### About this task
Find the word "Proof" in the records below. List each line containing it.
%%
Lemma token_set0 : token_set ord0 = set0.
Proof. by []. Qed.

Lemma token_set_ord_max : token_set ord_max = A.
Proof. by rewrite /token_set /=; case: insubP => // k; rewrite ltnn. Qed.

Definition clause_row (k : 'I_c) : 'I_c.+2 := lift ord0 (widen_ord (leqnSn c) k).

Lemma clause_row_neq0 k : (clause_row k == ord0) = false.
Proof. by rewrite eq_sym (negbTE (neq_lift _ _)). Qed.

Lemma token_set_clause_row k : token_set (clause_row k) = F k.
Proof.
rewrite /token_set /=; case: insubP => [k' _ /= k'E|]; last by rewrite ltn_ord.
by congr F; apply: val_inj.
Qed.

Lemma scoreE α β γ x j :
  (X *m Wq *m (X *m Wk α β γ x)^T) ord_max j
  = (α * #|A :&: token_set j|%:Z + β * #|negset A :&: token_set j|%:Z
     + γ * #|token_set j|%:Z + x * (j == ord0)%:Z)%:~R.
Proof.
rewrite scoresE !row_inputX token_set_ord_max query_key_score.
rewrite mulmxDr mul_mx_scalar -!scalemxAr enc_swap linearD !linearZ /= mulmxDr.
rewrite -!scalemxAr [((_ + _) : 'M_1) 0 0]mxE ![((_ *: _) : 'M_1) 0 0]mxE.
by rewrite !enc_dot enc_sum card_setI_negset !rmorphD !rmorphM /= (mulrC _ x%:~R).
Qed.

Definition Wv_start (a b : R) : 'M[R]_(p + p + 2, 1) := col_mx 0 (col2 a b).

Lemma row_inputX_Wv_start a b j :
  row j X *m Wv_start a b = ((j == ord0)%:R * a + b)%:M.
Proof. by rewrite row_inputX /tokrow mul_row_col mulmx0 add0r pair_mul_col2 mul1r. Qed.

Definition Wv_lits : 'M[R]_(p + p + 2, p + p) := col_mx 1%:M 0.

Lemma row_inputX_Wv_lits j : row j X *m Wv_lits = E (token_set j).
Proof. by rewrite row_inputX /tokrow mul_row_col mulmx1 mulmx0 addr0. Qed.

End InputMatrix.

Arguments clause_row {c}.
Arguments token_set {p c} F A j.
Arguments tokenP {p c F A} j.

Section GatedRamp.
Variables (R : realType) (p : nat).

Definition W1_gate : 'M[R]_(p + p + (p + p + 2), (p + p) + (p + p)) :=
  col_mx 0 (col_mx (row_mx (- swap_mx R p) (- swap_mx R p)) 0).
Definition b1_gate : 'rV[R]_((p + p) + (p + p)) := row_mx (const_mx 1) (const_mx 1).
Definition V_ramp (K : R) : 'M[R]_(p + p + (p + p + 2), (p + p) + (p + p)) :=
  col_mx (row_mx K%:M K%:M) 0.
Definition b2_ramp : 'rV[R]_((p + p) + (p + p)) := row_mx 0 (const_mx (-1)).
Definition W2_diff : 'M[R]_((p + p) + (p + p), p + p) := col_mx 1%:M (-1)%:M.
(* Let $q$ be a prime power and $1\le m\le n$. Identify each $n\times m$ matrix $M$ over $\mathbb{F}_q$ with the $m$-dimensional subspace $\overline{M}$ of $\mathbb{F}_q^{m+n}$ spanned by the columns of the $(m+n)\times m$ matrix $\begin{pmatrix} I_m\\ M\end{pmatrix}$. Let $f$ be a $\lambda$-eigenfunction of the bilinear forms graph $\mathrm{Bil}_q(n,m)$, where $\lambda=-\frac{q^m-1}{q-1}$ is its minimum eigenvalue. Define $\widehat f$ on the vertices of the Grassmann graph $J_q(n+m,m)$ by $\widehat f(\overline{M})=f(M)$ for every $n\times m$ matrix $M$, and $\widehat f(U)=0$ for every $m$-dimensional subspace $U$ not of the form $\overline{M}$. Then $\widehat f$ is a $\lambda$-eigenfunction of $J_q(n+m,m)$, and $\lambda$ is also the minimum eigenvalue of $J_q(n+m,m)$. *)

From HB Require Import structures.
From mathcomp Require Import all_boot all_order all_algebra all_fingroup.
From mathcomp Require Import reals.
Set Implicit Arguments. Unset Strict Implicit. Unset Printing Implicit Defensive.
Import Order.TTheory GRing.Theory Num.Theory.
Local Open Scope ring_scope.

Definition eigenfunction (R : numDomainType) (V : finType) (adj : rel V)
  (f : V -> R) (lam : R) : Prop :=
  (exists v, f v != 0) /\
  (forall x : V, \sum_(y | adj x y) f y = lam * f x).

Definition is_eigenvalue (R : numDomainType) (V : finType) (adj : rel V) (lam : R) : Prop :=
  exists f : V -> R, eigenfunction adj f lam.

Definition is_min_eigenvalue (R : numDomainType) (V : finType) (adj : rel V) (lam : R) : Prop :=
  is_eigenvalue adj lam /\ forall mu : R, is_eigenvalue adj mu -> lam <= mu.

Definition bil_adj (F : finFieldType) (n m : nat) : rel 'M[F]_(n, m) :=
  fun M N => \rank (M - N) == 1%N.

(* Grassmann graph J_q(N,m): vertices are the m-dimensional subspaces of F^N.
   A subspace is represented canonically (mxalgebra) by the square matrix
   <<A>>%MS whose row space it is. *)
Definition grass_vertex_pred (F : finFieldType) (N m : nat) : pred 'M[F]_N :=
  fun A => ((<<A>>%MS == A) && (\rank A == m))%N.

Definition grass_vertex (F : finFieldType) (N m : nat) :=
  {A : 'M[F]_N | grass_vertex_pred m A}.

Definition grass_adj (F : finFieldType) (N m : nat) : rel (grass_vertex F N m) :=
  fun U W => \rank (val U :&: val W)%MS == m.-1.

(* overline M : the m-dim subspace of F^(m+n) spanned by the columns of (I_m ; M),
   i.e. the row space of its transpose (I_m | M^T). *)
Definition embed_mx (F : finFieldType) (n m : nat) (M : 'M[F]_(n, m)) : 'M[F]_(m, m + n) :=
  row_mx (1%:M : 'M[F]_m) M^T.

Definition lift_fun (R : numDomainType) (F : finFieldType) (n m : nat)
  (f : 'M[F]_(n, m) -> R) (U : grass_vertex F (m + n) m) : R :=
  match [pick M : 'M[F]_(n, m) | (embed_mx M == val U)%MS] with
  | Some M => f M
  | None => 0
  end.

From HB Require Import structures.
From mathcomp Require Import all_boot all_order all_algebra all_fingroup.
From mathcomp Require Import reals.
From mathcomp Require Import ring lra zify.
Set Implicit Arguments. Unset Strict Implicit. Unset Printing Implicit Defensive.
Import Order.TTheory GRing.Theory Num.Theory.
Local Open Scope ring_scope.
%%
### Exercise result
Proof. by []. Qed.
Proof. by rewrite /token_set /=; case: insubP => // k; rewrite ltnn. Qed.
Proof. by rewrite eq_sym (negbTE (neq_lift _ _)). Qed.
Proof.
Proof.
Proof. by rewrite row_inputX /tokrow mul_row_col mulmx0 add0r pair_mul_col2 mul1r. Qed.
Proof. by rewrite row_inputX /tokrow mul_row_col mulmx1 mulmx0 addr0. Qed.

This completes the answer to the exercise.